-- Exercise directions --
Word for word, reproduce all of the entries shown below.

Source data below:

(* For a tournament $\mathrel{W}$ on $\mathcal{X}$, the following are equivalent: (1) $\mathrel{W}$ is not a ranking (i.e. is not transitive); (2) for some ranking $\succ$ on $\mathcal{X}$ (the chair's preference), the chair benefits from agenda-setting under $\mathrel{W}$; (3) for every ranking $\succ$ on $\mathcal{X}$, the chair benefits from agenda-setting under $\mathrel{W}$.
   Context: Let $\mathcal{X}$ be a finite set of alternatives. A proto-ranking is an irreflexive transitive relation; a ranking is a total proto-ranking; a tournament is a total asymmetric relation on $\mathcal{X}$. Interaction: given a tournament $\mathrel{W}$, start from $R_0=\varnothing$; in each period with $R_{t-1}$ not total the chair offers a pair $\{x,y\}$ unranked by $R_{t-1}$, the winner is $x$ if $x\mathrel{W}y$ and $y$ otherwise, and $R_t$ is the transitive closure of $R_{t-1}\cup\{(\text{winner},\text{loser})\}$; stop when $R_t$ is total. A strategy assigns to each non-terminal history a pair unranked at it; its outcome under $\mathrel{W}$ is the final ranking. A ranking is $\mathrel{W}$-feasible if it is the outcome under $\mathrel{W}$ of some strategy. Given the chair's preference $\succ$ (a ranking), $R$ is more aligned with $\succ$ than $R'$ if for all $x\succ y$, $xR'y$ implies $xRy$; a ranking is $\mathrel{W}$-unimprovable if no other $\mathrel{W}$-feasible ranking is more aligned with $\succ$. Given $\succ$, the chair benefits from agenda-setting under $\mathrel{W}$ if there exists a $\mathrel{W}$-feasible ranking that is not $\mathrel{W}$-unimprovable. *)

From mathcomp Require Import all_boot.
Set Implicit Arguments. Unset Strict Implicit. Unset Printing Implicit Defensive.

Section Agenda.
Variable T : finType.

Definition tclos (R : rel T) : rel T :=
  fun x y => [exists z, R x z && connect R z y].

Definition irreflexiveR (R : rel T) : Prop := forall x, ~~ R x x.
Definition transitiveR (R : rel T) : Prop :=
  forall x y z, R x y -> R y z -> R x z.
Definition asymmetricR (R : rel T) : Prop := forall x y, R x y -> ~~ R y x.
Definition totalb (R : rel T) : bool :=
  [forall x, forall y, (x != y) ==> (R x y || R y x)].

Definition proto_ranking (R : rel T) : Prop := irreflexiveR R /\ transitiveR R.
Definition ranking (R : rel T) : Prop := proto_ranking R /\ totalb R.
Definition tournament (W : rel T) : Prop := totalb W /\ asymmetricR W.

Definition unranked (R : rel T) (x y : T) : bool :=
  [&& x != y, ~~ R x y & ~~ R y x].

Definition step (R : rel T) (p : T * T) : rel T :=
  tclos (fun x y => R x y || ((x, y) == p)).

Definition empty_rel : rel T := fun _ _ => false.

(* A history is the sequence of (winner, loser) results so far (this records
   both the offered pair and its winner). *)
Definition history := seq (T * T).

Definition R_of (h : history) : rel T := foldl step empty_rel h.

Fixpoint legal_from (R : rel T) (h : history) : bool :=
  match h with
  | [::] => true
  | p :: h' => unranked R p.1 p.2 && legal_from (step R p) h'
  end.
Definition legal (h : history) : bool := legal_from empty_rel h.

Definition strategy := history -> T * T.

Definition valid_strategy (s : strategy) : Prop :=
  forall h, legal h -> ~~ totalb (R_of h) -> unranked (R_of h) (s h).1 (s h).2.

Fixpoint play (W : rel T) (s : strategy) (fuel : nat) (h : history) : rel T :=
  match fuel with
  | 0 => R_of h
  | fuel'.+1 =>
      if totalb (R_of h) then R_of h
      else let x := (s h).1 in let y := (s h).2 in
           play W s fuel' (rcons h (if W x y then (x, y) else (y, x)))
  end.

End of Source data.

-- Answer to this task --
(* For a tournament $\mathrel{W}$ on $\mathcal{X}$, the following are equivalent: (1) $\mathrel{W}$ is not a ranking (i.e. is not transitive); (2) for some ranking $\succ$ on $\mathcal{X}$ (the chair's preference), the chair benefits from agenda-setting under $\mathrel{W}$; (3) for every ranking $\succ$ on $\mathcal{X}$, the chair benefits from agenda-setting under $\mathrel{W}$.
   Context: Let $\mathcal{X}$ be a finite set of alternatives. A proto-ranking is an irreflexive transitive relation; a ranking is a total proto-ranking; a tournament is a total asymmetric relation on $\mathcal{X}$. Interaction: given a tournament $\mathrel{W}$, start from $R_0=\varnothing$; in each period with $R_{t-1}$ not total the chair offers a pair $\{x,y\}$ unranked by $R_{t-1}$, the winner is $x$ if $x\mathrel{W}y$ and $y$ otherwise, and $R_t$ is the transitive closure of $R_{t-1}\cup\{(\text{winner},\text{loser})\}$; stop when $R_t$ is total. A strategy assigns to each non-terminal history a pair unranked at it; its outcome under $\mathrel{W}$ is the final ranking. A ranking is $\mathrel{W}$-feasible if it is the outcome under $\mathrel{W}$ of some strategy. Given the chair's preference $\succ$ (a ranking), $R$ is more aligned with $\succ$ than $R'$ if for all $x\succ y$, $xR'y$ implies $xRy$; a ranking is $\mathrel{W}$-unimprovable if no other $\mathrel{W}$-feasible ranking is more aligned with $\succ$. Given $\succ$, the chair benefits from agenda-setting under $\mathrel{W}$ if there exists a $\mathrel{W}$-feasible ranking that is not $\mathrel{W}$-unimprovable. *)

From mathcomp Require Import all_boot.
Set Implicit Arguments. Unset Strict Implicit. Unset Printing Implicit Defensive.

Section Agenda.
Variable T : finType.

Definition tclos (R : rel T) : rel T :=
  fun x y => [exists z, R x z && connect R z y].

Definition irreflexiveR (R : rel T) : Prop := forall x, ~~ R x x.
Definition transitiveR (R : rel T) : Prop :=
  forall x y z, R x y -> R y z -> R x z.
Definition asymmetricR (R : rel T) : Prop := forall x y, R x y -> ~~ R y x.
Definition totalb (R : rel T) : bool :=
  [forall x, forall y, (x != y) ==> (R x y || R y x)].

Definition proto_ranking (R : rel T) : Prop := irreflexiveR R /\ transitiveR R.
Definition ranking (R : rel T) : Prop := proto_ranking R /\ totalb R.
Definition tournament (W : rel T) : Prop := totalb W /\ asymmetricR W.

Definition unranked (R : rel T) (x y : T) : bool :=
  [&& x != y, ~~ R x y & ~~ R y x].

Definition step (R : rel T) (p : T * T) : rel T :=
  tclos (fun x y => R x y || ((x, y) == p)).

Definition empty_rel : rel T := fun _ _ => false.

(* A history is the sequence of (winner, loser) results so far (this records
   both the offered pair and its winner). *)
Definition history := seq (T * T).

Definition R_of (h : history) : rel T := foldl step empty_rel h.

Fixpoint legal_from (R : rel T) (h : history) : bool :=
  match h with
  | [::] => true
  | p :: h' => unranked R p.1 p.2 && legal_from (step R p) h'
  end.
Definition legal (h : history) : bool := legal_from empty_rel h.

Definition strategy := history -> T * T.

Definition valid_strategy (s : strategy) : Prop :=
  forall h, legal h -> ~~ totalb (R_of h) -> unranked (R_of h) (s h).1 (s h).2.

Fixpoint play (W : rel T) (s : strategy) (fuel : nat) (h : history) : rel T :=
  match fuel with
  | 0 => R_of h
  | fuel'.+1 =>
      if totalb (R_of h) then R_of h
      else let x := (s h).1 in let y := (s h).2 in
           play W s fuel' (rcons h (if W x y then (x, y) else (y, x)))
  end.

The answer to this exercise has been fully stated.